Turning shelfware into software value
Across Australia, businesses are ramping up their cybersecurity spend. Gartner forecasts that Australian organisations will invest nearly AU$6.2 billion in information security and risk management in 2025, a 14.4% increase from the previous year. But that investment doesn't always translate into impact. Too often, critical solutions remain underused, sitting idle as so-called "shelfware."
The implications go beyond wasted spend. For channel partners, underutilised software represents a lost opportunity. It erodes customer trust, diminishes satisfaction, and narrows the path to renewals and upsell conversations.
As organisations across Australia grapple with increasingly complex security environments, channel partners are uniquely positioned to shift the outcome. By prioritising activation, delivering early wins, and staying embedded in the customer journey, partners can turn dormant software into measurable business value.
Partners that champion adoption and value realisation will be the ones to deepen relationships, drive loyalty, and unlock growth.
Why good software goes nowhere
Installing software is just the beginning. Real success demands cross-team coordination and clear ownership. Yet it is often sold with the assumption that value will follow automatically. Without a practical rollout plan, internal alignment, and a clear view of what success looks like, software frequently becomes another unused tool.
Partners sometimes lack the service capabilities to guide implementation. Customers might underestimate the effort required or fail to appoint internal champions who can push the project forward. Projects stall when responsibilities are unclear, priorities change, or follow-up slips through the cracks. Without joint ownership and structured progression, software sits idle, wasting money and diminishing confidence.

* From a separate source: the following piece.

(* Let $(\mathbb{X},d)$ be a complete metric space, let $F=(\mathbb{X};f_1,\dots,f_N)$ be an iterated function system of continuous maps $f_i:\mathbb{X}\to\mathbb{X}$, and let $A$ be a point-fibred attractor of $F$ with coordinate map $\pi:[N]^\infty\to A$. With respect to $A$ and $F$ (and the notions of disjunctive, reversible, strongly reversible and full words defined in the context): \begin{enumerate} \item If $N\ge 2$, there are infinitely many disjunctive words in $[N]^\infty$. \item If $A^{o}\neq\emptyset$, then every disjunctive word is strongly reversible. \item Every strongly reversible word is reversible. \item A word $\theta\in[N]^\infty$ is reversible if and only if it is full. \end{enumerate}
   Context: $S^o$ denotes the interior of a set $S$. $\mathbb{H}(\mathbb{X})$ is the set of nonempty compact subsets of $\mathbb{X}$ with the Hausdorff metric, and $F(B)=\bigcup_i f_i(B)$, with $F^k$ its $k$-fold iterate. A nonempty compact $A$ is an attractor of $F$ if $F(A)=A$ and there is an open $U\supset A$ with $F^k(S)\to A$ in the Hausdorff metric for all $S\in\mathbb{H}(U)$; the basin $B(A)$ is the union of all such $U$. $[N]=\{1,\dots,N\}$, $[N]^\infty$ is the set of infinite words $\omega=\omega_1\omega_2\cdots$ with $\omega_i\in[N]$, $\omega|k=\omega_1\cdots\omega_k$, and $f_{\omega|k}=f_{\omega_1}\circ\cdots\circ f_{\omega_k}$. The attractor $A$ is point-fibred if for every $\omega\in[N]^\infty$ and every $C\in\mathbb{H}(\mathbb{X})$ with $C\subset B(A)$ the sequence $f_{\omega|k}(C)$ converges in $\mathbb{H}(\mathbb{X})$ to a singleton $\{\pi(\omega)\}$ independent of $C$; this defines the coordinate map $\pi$, and any word in $\pi^{-1}(x)$ is an address of $x\in A$. A subword of a word is a string of consecutive letters. A word $\theta\in[N]^\infty$ is disjunctive if every finite word over $[N]$ is a subword of $\theta$. $\theta$ is reversible (w.r.t. $A,F$) if there is $\omega\in[N]^\infty$ with $\pi(\omega)\in A^o$ such that for all positive integers $M,L$ there is an integer $m\ge M$ with $\omega_1\omega_2\cdots\omega_L=\theta_{m+L}\theta_{m+L-1}\cdots\theta_{m+1}$. $\theta$ is strongly reversible if there is $\omega\in[N]^\infty$ with $\pi(\omega)\in A^o$ such that for every positive integer $M$ there is $m\ge M$ with $\omega_1\cdots\omega_m=\theta_m\theta_{m-1}\cdots\theta_1$. $\theta$ is full if there exists a nonempty compact set $A'\subset A^o$ such that for every positive integer $M$ there exist integers $n>m\ge M$ with $f_{\theta_n}\circ f_{\theta_{n-1}}\circ\cdots\circ f_{\theta_{m+1}}(A)\subset A'$. *)

From Stdlib Require Import Reals List Arith.
Open Scope R_scope.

Vendor consolidation: Streamlining or stalling security?
The allure of a vendor consolidation is understandable - simplified billing, fewer contracts, and the notion of a "single throat to choke." Yet, this approach often leads to bloated portfolios of loosely integrated tools, which further exacerbates shelfware if the chosen platforms are poorly integrated or lack the support needed for successful deployment.
Partners must help customers navigate today's complex security landscape. That means asking tough questions: Are these tools truly integrated? Do they support your business objectives? Are you seeing measurable outcomes?
From reseller to value creator
Cutting shelfware means moving beyond just selling licences to becoming a trusted partner who drives successful implementation and delivers lasting value. This involves:
• Investing in professional services: Partners with strong services capabilities can lead implementation, provide hands-on training, and offer ongoing support. These services not only drive customer success and satisfaction but also generate high-margin revenue and deepen long-term relationships.
• Driving customer accountability: Successful adoption hinges on clear ownership. Partners should help identify internal champions, define roles and responsibilities, and ensure alignment across functional teams including security, networking, and IT. With roles clearly defined, customers are better equipped to stay aligned, meet milestones, and realise the full value of their investment.
• Offering managed services: For customers with limited internal bandwidth, managed services provide a scalable way to ensure continuous value. By taking on operational responsibilities, partners can proactively address issues, optimise usage, and reduce the risk of churn.
Turning shelfware into software success
Shelfware is common, but it is not inevitable. When partners help customers fully adopt their solutions, they prove their worth, unlock new revenue, and strengthen relationships. The key is turning that chance into real action.
Start by auditing your customers' current setups. Find out where value is being left on the table. Then lay out a clear plan for full use, whether that's through services, training, or managed support.
Choosing the right platform matters just as much. With the market flooded with bundled toolkits, customers should focus on purpose-built solutions that deliver smooth integration and clear operations, especially for breach containment, where visibility and control are critical.
Breaches are a given. What sets you apart isn't how many tools you sell, but the outcomes you help your customers achieve. It's time to move past shelfware and build real software success stories.